L'inflation en Allemagne

Le terme « inflation » revêt une signification très particulière en Allemagne et suscite immédiatement les pires craintes et cauchemars. En effet, au cours du siècle dernier, l’inflation a, à deux reprises, complètement dévalué l’ensemble des avoirs financiers des citoyens. Qui n’a pas entendu ces récits de ses grands-parents, racontant comment, au début des années 1920, les gens récupéraient leur salaire journalier dans des valises et des brouettes pour se précipiter aussitôt dans la longue file d’attente devant la boulangerie et acheter du pain, avant que son prix ne soit multiplié par plusieurs le lendemain ? Mais comment en est-on réellement arrivé là à l’époque ?

Avec le déclenchement de la guerre en 1914, la possibilité d’échanger les billets de banque contre de l’or fut supprimée, et les billets du Reich ne furent plus garantis que par des titres de dette publique. Les coûts de la guerre, en hausse constante, ne furent pas financés par des augmentations d’impôts ; au lieu de cela, l’État s’endetta auprès de ses propres citoyens et de la Reichsbank, qui, en réponse, imprima et mit en circulation de plus en plus de monnaie. À la fin de la guerre, en 2018, l’État était confronté à d’énormes problèmes financiers. Outre les dettes de guerre contractées par l’État en Allemagne même et auprès de ses garants, il fallait faire face à des dépenses sociales élevées et aux énormes réparations exigées par les puissances victorieuses. Afin de pouvoir faire face à tout cela, le gouvernement contracta de plus en plus d’emprunts auprès de la Reichsbank sans augmentation correspondante de l’offre de biens. La spirale des salaires et des prix s’enclencha.
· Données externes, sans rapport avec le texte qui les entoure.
(* Let $\beta \in \mathbb{C}\setminus\mathbb{R}$ be a root of a quadratic polynomial with integer coefficients. Then there is a nonzero polynomial $f \in \mathbb{Z}_{\geq 0}[x]$ with $f(\beta) = 0$; consequently $p_\beta(0) = \infty$, and $p_\beta(\alpha) \in \{0, \infty\}$ for every $\alpha \in \mathbb{C}$.
   Context: For $\beta, \alpha \in \mathbb{C}$, $p_\beta(\alpha) \in \mathbb{Z}_{\geq 0}\cup\{\infty\}$ is the number of polynomials $f \in \mathbb{Z}_{\geq 0}[x]$ (non-negative integer coefficients) with $f(\beta) = \alpha$. *)

From mathcomp Require Import all_boot all_algebra.
From mathcomp Require Import all_classical all_reals.
From mathcomp Require Import complex.
From mathcomp Require Import Rstruct.
From mathcomp Require Import finmap.
Set Implicit Arguments. Unset Strict Implicit. Unset Printing Implicit Defensive.
Import GRing.Theory Num.Theory.
Local Open Scope ring_scope.

Definition C : numClosedFieldType := (Rdefinitions.R)[i].

Definition nonneg_poly (f : {poly int}) : Prop := forall i : nat, 0 <= f`_i.

Definition evalC (f : {poly int}) (x : C) : C := (map_poly intr f).[x].

Definition pset (beta alpha : C) : set {poly int} :=
  [set f | nonneg_poly f /\ evalC f beta = alpha].

(* p_beta(alpha) in Z_{>=0} u {oo}: Some n = finite value n, None = infinity. *)
Definition p_beta (beta alpha : C) : option nat :=
  if pselect (finite_set (pset beta alpha))
  then Some (#|` fset_set (pset beta alpha)|)%fset
  else None.

From mathcomp Require Import all_boot all_order all_algebra.
From mathcomp Require Import all_classical all_reals.
From mathcomp Require Import complex.
From mathcomp Require Import Rstruct.
From mathcomp Require Import ring lra zify.
Set Implicit Arguments. Unset Strict Implicit. Unset Printing Implicit Defensive.
Import Order.TTheory GRing.Theory Num.Theory.
Local Open Scope ring_scope.

(* Write a z^2 + b z + c = 0 with a > 0; as z is not real, conj z is the other
   root, so b = -a (z + conj z) and c = a z conj z >= 0.  While Re z^2 > 0,
   squaring at least doubles sin^2 (arg z), so some power z^n has Re z^n <= 0.
   Then a^n (X^n - z^n) (X^n - conj z^n) kills z and has nonnegative integer
   coefficients (integrality of a^n (z^n + conj z^n) follows from the linear
   recurrence it satisfies), and adding its multiples by X^k to one solution
   of f(z) = alpha gives infinitely many. *)

Section SquaredSine.
Variable R : rcfType.
Implicit Types z : R[i].

Definition sin2arg z : R :=
  complex.Im z ^+ 2 / (complex.Re z ^+ 2 + complex.Im z ^+ 2).

Lemma sin2arg_le1 z : sin2arg z <= 1.
Proof.
rewrite /sin2arg; set r := _ + _; have [->|r_neq0] := eqVneq r 0.
  by rewrite invr0 mulr0.
have r_gt0 : 0 < r by rewrite lt0r r_neq0 addr_ge0 ?sqr_ge0.
by rewrite ler_pdivrMr // mul1r lerDr sqr_ge0.
Qed.

Lemma sin2arg_gt0 z : z \isn't Num.real -> 0 < sin2arg z.
Proof.
case: z => x y; rewrite complex_real /sin2arg /= => y_neq0.
have y2_gt0 : 0 < y ^+ 2 by rewrite exprn_even_gt0.
by rewrite divr_gt0 // ltr_pwDr ?sqr_ge0.
Qed.

Lemma sin2arg_sqr z : 0 < complex.Re (z ^+ 2) -> 2 * sin2arg z <= sin2arg (z ^+ 2).
Proof.
case: z => x y; rewrite expr2 /sin2arg /= => re_gt0.
set r := x ^+ 2 + y ^+ 2.
have r_gt0 : 0 < r by rewrite /r; have := sqr_ge0 y; nra.
have -> : (x * x - y * y) ^+ 2 + (x * y + y * x) ^+ 2 = r ^+ 2 by rewrite /r; ring.
rewrite ler_pdivlMr ?exprn_gt0 //.
have -> : 2 * (y ^+ 2 / r) * r ^+ 2 = 2 * y ^+ 2 * r by field; rewrite gt_eqF.
(* double-angle formula: sin^2 2t - 2 sin^2 t = 2 sin^2 t cos 2t *)
rewrite -subr_ge0.
have -> : (x * y + y * x) ^+ 2 - 2 * y ^+ 2 * r = 2 * y ^+ 2 * (x * x - y * y).
  by rewrite /r; ring.
by rewrite mulr_ge0 ?(ltW re_gt0) // mulr_ge0 ?sqr_ge0.
Qed.

End SquaredSine.

Lemma exists_Re_exp_le0 (R : archiRcfType) (z : R[i]) :
  z \isn't Num.real -> exists2 n, (0 < n)%N & complex.Re (z ^+ n) <= 0.
Proof.
move=> z_nreal; apply: contrapT => no_n.
have Re_gt0 n : (0 < n)%N -> 0 < complex.Re (z ^+ n).
  by move=> n_gt0; rewrite ltNge; apply/negP => Re_le0; apply: no_n; exists n.
have s_gt0 := sin2arg_gt0 z_nreal.
have sin2arg_exp2 k : (2 ^ k)%:R * sin2arg z <= sin2arg (z ^+ (2 ^ k)).
  elim: k => [|k IHk]; first by rewrite mul1r expr1.
  rewrite expnSr natrM mulrAC exprM; apply: le_trans (sin2arg_sqr _).
    by rewrite mulrC ler_pM2l.
  by rewrite -exprM Re_gt0 // muln_gt0 expn_gt0.
have /archi_boundP : 0 <= (sin2arg z)^-1 by rewrite invr_ge0 ltW.
set k := (X in _ < X%:R) => k_gt.
have gt1 : 1 < (2 ^ k)%:R * sin2arg z.
  by rewrite -ltr_pdivrMr // div1r (lt_le_trans k_gt) // ler_nat ltnW // ltn_expl.
by have := le_trans (sin2arg_exp2 k) (sin2arg_le1 _); rewrite leNgt gt1.
Qed.

Section QuadraticRoot.
Variables (R : rcfType) (z : R[i]) (a b c : int).
Hypothesis z_nreal : z \isn't Num.real.
Hypothesis z_root : a%:~R * z ^+ 2 + b%:~R * z + c%:~R = 0.
Local Notation zc := (conjc z).

Lemma conjc_quadratic_root : a%:~R * zc ^+ 2 + b%:~R * zc + c%:~R = 0.
Proof.
have := congr1 conjc z_root; rewrite !rmorphD !rmorphM !rmorph_int rmorph0 => <-.
by rewrite expr2.
Qed.

Lemma vieta_sum : b%:~R = - (a%:~R * (z + zc)).
Proof.
have z_neq_zc : z - zc != 0.
  by apply: contra z_nreal; rewrite subr_eq0 eq_sym => /eqP/CrealP.
have : (z - zc) * (a%:~R * (z + zc) + b%:~R) = 0.
  rewrite -[RHS](subrr 0) -{1}z_root -conjc_quadratic_root; ring.
by move/eqP; rewrite mulf_eq0 (negPf z_neq_zc) addrC addr_eq0 => /eqP.
Qed.

Lemma vieta_prod : c%:~R = a%:~R * (z * zc).
Proof. by rewrite -[LHS]subr0 -{1}z_root vieta_sum; ring. Qed.

Lemma scaled_power_sum_int n :
  exists u : int, u%:~R = a%:~R ^+ n * (z ^+ n + zc ^+ n).
Proof.
suff [u [_ [u_def _]]] : exists u v : int, u%:~R = a%:~R ^+ n * (z ^+ n + zc ^+ n) /\
    v%:~R = a%:~R ^+ n.+1 * (z ^+ n.+1 + zc ^+ n.+1) by exists u.
elim: n => [|n [u [v [u_def v_def]]]].
  exists 2, (- b); split; first by rewrite !expr0 mul1r.
  by rewrite intrN vieta_sum opprK !expr1.
exists v, (- b * v - a * c * u); split => //.
by rewrite intrB !intrM intrN u_def v_def vieta_sum vieta_prod !exprS; ring.
Qed.

Lemma nonneg_annihilator_of_Re_exp_le0 n :
  0 < a -> (0 < n)%N -> complex.Re (z ^+ n) <= 0 ->
  exists f : {poly int}, [/\ f != 0, forall i, 0 <= f`_i & root (map_poly intr f) z].
Proof.
move=> a_gt0 n_gt0 Re_le0; have [u u_def] := scaled_power_sum_int n.
have u_le0 : u <= 0.
  rewrite -(lerz0 R[i]) u_def -[zc ^+ n]rmorphXn addcJ.
  apply: mulr_ge0_le0; first by rewrite exprn_ge0 // ler0z ltW.
  by apply: mulr_ge0_le0; rewrite // -[0 : R[i]]/(0%:C)%C lecR.
have c_ge0 : 0 <= c.
  by rewrite -(ler0z R[i]) vieta_prod mulr_ge0 ?mulcJ_ge0 // ler0z ltW.
(* the polynomial a^n (X^n - z^n) (X^n - zc^n) *)
exists (a ^+ n *: 'X^(n + n) - u *: 'X^n + (c ^+ n)%:P); split.
- apply/eqP => /(congr1 (coefp (n + n))) /=.
  have [nn_neq_n nn_neq0] : (n + n != n) /\ (n + n != 0)%N by split; lia.
  rewrite !coefD coefN !coefZ !coefXn coefC coef0 eqxx.
  rewrite (negPf nn_neq_n) (negPf nn_neq0).
  by rewrite mulr1 mulr0 subr0 addr0 => /eqP; rewrite expf_eq0 gt_eqF ?andbF.
- move=> i; rewrite !coefD coefN !coefZ !coefXn coefC.
  rewrite !addr_ge0 ?mulr_ge0 ?exprn_ge0 ?ler0n ?(ltW a_gt0) //.
  by rewrite oppr_ge0 mulr_le0_ge0 ?ler0n.
  by case: (i == 0)%N; rewrite ?exprn_ge0.
- rewrite /root !rmorphD rmorphN /= !map_polyZ !map_polyXn map_polyC /= !hornerE.
  by rewrite !rmorphXn /= u_def vieta_prod exprD !exprMn; apply/eqP; ring.
Qed.

End QuadraticRoot.

Lemma quadratic_root_pos_lead (R : numDomainType) (z : R) (q : {poly int}) :
  size q = 3%N -> root (map_poly intr q) z ->
  exists a b c : int, 0 < a /\ a%:~R * z ^+ 2 + b%:~R * z + c%:~R = 0.
Proof.
wlog q2_gt0 : q / 0 < q`_2 => [wlog_q q_size q_root | q_size /rootP].
  have : lead_coef q != 0 by rewrite lead_coef_eq0 -size_poly_eq0 q_size.
  rewrite lead_coefE q_size /= => q2_neq0.
  have [q2_lt0|q2_ge0] := ltP (q`_2) 0.
    by apply: (wlog_q (- q)); rewrite ?coefN ?oppr_gt0 ?size_polyN ?raddfN ?rootN.
  by apply: (wlog_q q); rewrite // lt_def q2_neq0.
rewrite horner_coef (size_map_inj_poly (@intr_inj R)) // q_size.
rewrite !big_ord_recr big_ord0 /= !coef_map /= => q_root.
by exists q`_2, q`_1, q`_0; split => //; rewrite -q_root; ring.
Qed.

Lemma nonneg_annihilator_of_quadratic (R : archiRcfType) (z : R[i]) (q : {poly int}) :
  z \isn't Num.real -> size q = 3%N -> root (map_poly intr q) z ->
  exists f : {poly int}, [/\ f != 0, forall i, 0 <= f`_i & root (map_poly intr f) z].
Proof.
move=> z_nreal q_size q_root.
have [a [b [c [a_gt0 z_root]]]] := quadratic_root_pos_lead q_size q_root.
have [n n_gt0 Re_le0] := exists_Re_exp_le0 z_nreal.
by apply: (nonneg_annihilator_of_Re_exp_le0 z_nreal z_root a_gt0 n_gt0).
Qed.

Lemma pset_infinite (beta alpha : C) (f g : {poly int}) :
  f != 0 -> nonneg_poly f -> evalC f beta = 0 ->
  pset beta alpha g -> infinite_set (pset beta alpha).
Proof.
move=> f_neq0 f_ge0 f_root [g_ge0 g_val] pset_fin.
pose shift k := g + f * 'X^k.
have shift_in k : pset beta alpha (shift k).
  split; first by move=> i; rewrite coefD coefMXn addr_ge0 //; case: ltnP.
  move: f_root g_val; rewrite /evalC rmorphD rmorphM /= map_polyXn !hornerE => -> ->.
  by rewrite mul0r addr0.
have shift_inj : injective shift.
  move=> k m /addrI /(congr1 (fun p : {poly int} => size p)) /=.
  by rewrite !size_mulXn // => /addIn.
apply: infinite_nat; suff <- : (shift @^-1` pset beta alpha)%classic = setT.
  by apply: finite_preimage pset_fin => k m _ _ /shift_inj.
by apply/seteqP; split=> k // _; apply: shift_in.
Qed.

Lemma p_beta_infinite (beta alpha : C) :
  infinite_set (pset beta alpha) -> p_beta beta alpha = None.
Proof. by rewrite /p_beta; case: pselect. Qed.

Lemma p_beta_set0 (beta alpha : C) :
  pset beta alpha = set0 -> p_beta beta alpha = Some 0%N.
Proof.
rewrite /p_beta => ->; case: (pselect _) => [?|not_fin] /=.
  by rewrite fset_set0.
by case: not_fin; exact: finite_set0.
Qed.

Theorem proposition9 (beta : C)
  (hnr : beta \isn't Num.real)
  (hquad : exists q : {poly int}, size q = 3%N /\ root (map_poly intr q) beta) :
  (exists f : {poly int}, f != 0 /\ nonneg_poly f /\ evalC f beta = 0)
  /\ p_beta beta 0 = None
  /\ (forall alpha : C, p_beta beta alpha = Some 0%N \/ p_beta beta alpha = None).
Proof.
have [q [q_size q_root]] := hquad.
have [f [f_neq0 f_ge0 /rootP f_root]] :=
  nonneg_annihilator_of_quadratic hnr q_size q_root.
have p_beta_oo alpha g : pset beta alpha g -> p_beta beta alpha = None.
  by move=> g_in; apply/p_beta_infinite/(pset_infinite f_neq0 f_ge0 f_root g_in).
split; first by exists f.
split.
  apply: (p_beta_oo _ 0); split; first by move=> i; rewrite coef0.
  by rewrite /evalC rmorph0 horner0.
move=> alpha; have [[g g_in]|no_g] := pselect (exists g, pset beta alpha g).
  by right; apply: p_beta_oo g_in.
by left; apply/p_beta_set0/seteqP; split => // g g_in; apply: no_g; exists g.
Qed.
En 1923, l’inflation galopante a fini par se transformer en hyperinflation, et la monnaie a perdu sa fonction de moyen de paiement et de réserve de valeur. Par la suite, en novembre 1923, le Reichsmark a été remplacé par le Rentenmark comme monnaie officielle en Allemagne. Toutes les dettes et tous les actifs financiers furent anéantis d'un seul coup. Avec la mise en place du marché obligataire, la dette de guerre de l'Allemagne, qui s'élevait à 154 milliards de marks, ne valait plus que 15,4 centimes ! Ainsi, du jour au lendemain, l'État n'avait plus de dette, mais les citoyens n'avaient plus d'argent non plus.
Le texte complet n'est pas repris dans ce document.